2015年における生命保険の商品別世帯加入率は、疾病治療重点保障保険(5)が78.7%で最も高く、次が終身保険(34.6%)、年金保険(23.8%)、致命的疾病保険(6)(12.3%)、貯蓄性保険(13.6%)、変額保険(5.3%)、教育保険(4.2%)の順であった(図表2)。
疾病治療重点保障保険の加入率が高い理由としては、早いスピードで高齢化が進展していることや公的医療保険の自己負担率が高いことが挙げられる。つまり、年齢が上昇するとともに病気にかかる確率も高くなり、一度病気にかかると治療期間も長期化していくが、公的医療保障制度である「国民健康保険」の重大疾病に対する保障性が低いために、人々が疾病治療重点保障保険への加入を高めたと考えられる。
2016年からは商品の基準が変わったので、2015年以前と比較することが難しくなったものの、疾病治療重点保障保険に近い疾病保障保険の世帯加入率が69.4%で最も高く、次は実損医療保険(28.5%)、死亡保険(21.9%)、災害(傷害)保険(17.4%)の順であった(図表3)。

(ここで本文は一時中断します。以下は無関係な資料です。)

(* Write [w_j = lam_j s_j] ([costate_gain]); the maximum condition says [u_j = w_j / (2 c_j)].
   Along the Pontryagin system the terms of [w_j'] carrying [u_j] and
   [sum_k A_jk i_k] cancel, leaving [w_j' = - beta s_j sum_m w_m A_mj].
   Since every [w_m = 2 c_m u_m] is nonnegative, each [w_m] is nonincreasing, and
   so is [s_j] because [i_j' >= 0].  Hence [w_j'] is minus a product of two
   nonnegative nonincreasing functions, so it is nondecreasing: [w_j], and with
   it [u_j], is convex. *)

Lemma fsum_nonneg (N : nat) (f : nat -> R) :
  (forall k, (k < N)%nat -> 0 <= f k) -> 0 <= fsum N f.
Proof.
  induction N as [|N IH]; intros Hf; simpl; [lra|].
  assert (0 <= fsum N f) by (apply IH; intros; apply Hf; lia).
  assert (0 <= f N) by (apply Hf; lia).
  lra.
Qed.

Lemma fsum_le (N : nat) (f g : nat -> R) :
  (forall k, (k < N)%nat -> f k <= g k) -> fsum N f <= fsum N g.
Proof.
  induction N as [|N IH]; intros Hfg; simpl; [lra|].
  assert (fsum N f <= fsum N g) by (apply IH; intros; apply Hfg; lia).
  assert (f N <= g N) by (apply Hfg; lia).
  lra.
Qed.

Lemma cont_on_interval_mult (f g : R -> R) (a b : R) :
  cont_on_interval f a b -> cont_on_interval g a b ->
  cont_on_interval (fun t => f t * g t) a b.
Proof.
  intros Hf Hg t Ht.
  exact (filterlim_comp_2 f g Rmult (Hf t Ht) (Hg t Ht) (filterlim_mult (K := R_AbsRing) _ _)).
Qed.

Lemma cont_on_interval_const_minus (k : R) (g : R -> R) (a b : R) :
  cont_on_interval g a b -> cont_on_interval (fun t => k - g t) a b.
Proof.
  intros Hg t Ht.
  eapply (filterlim_comp_2 (fun _ => k) (fun t => - g t) Rplus (filterlim_const k)).
  - exact (filterlim_comp _ _ _ g Ropp _ _ _ (Hg t Ht) (filterlim_opp (V := R_NormedModule) _)).
  - exact (filterlim_plus (V := R_NormedModule) k (- g t)).
Qed.

Definition clamp (a b x : R) : R := Rmax a (Rmin b x).

Lemma clamp_in (a b x : R) : a <= b -> a <= clamp a b x <= b.
Proof. intros. unfold clamp, Rmax, Rmin. repeat destruct Rle_dec; lra. Qed.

一方、生命保険の個人加入率は2015年の78.9%から2016年には73.4%に大きく減少した。2016年の既婚者の加入率(75.1%)や加入件数(1.6件)はそれぞれ、未婚者の加入率(67.2%)や加入件数(1.1件)を上回った。2015年調査と比べて、既婚者の加入率や加入件数はともに減少したこととは対照的に、未婚者の加入率や加入件数はともに小幅増加した。また、既婚者の中では子どものいる世帯の加入率が70%以上で、子どものいない世帯の加入率62.2%より高いという結果となった(図表4)。
男女別の個人加入率は、女性(76.9%)が男性(69.9%)より高く、所得階層別には高所得層(81.4%)の加入率が中所得層(76.4%)や低所得層(57.1%)の加入率を上回った(図表5)。一つ注目すべきことは2012年以降、継続的に増加傾向であった低所得層の加入率が2016年には大きく減少したことである(7)。最近、韓国経済の低迷が低所得層の所得減少に繋がった結果ではないかと判断される。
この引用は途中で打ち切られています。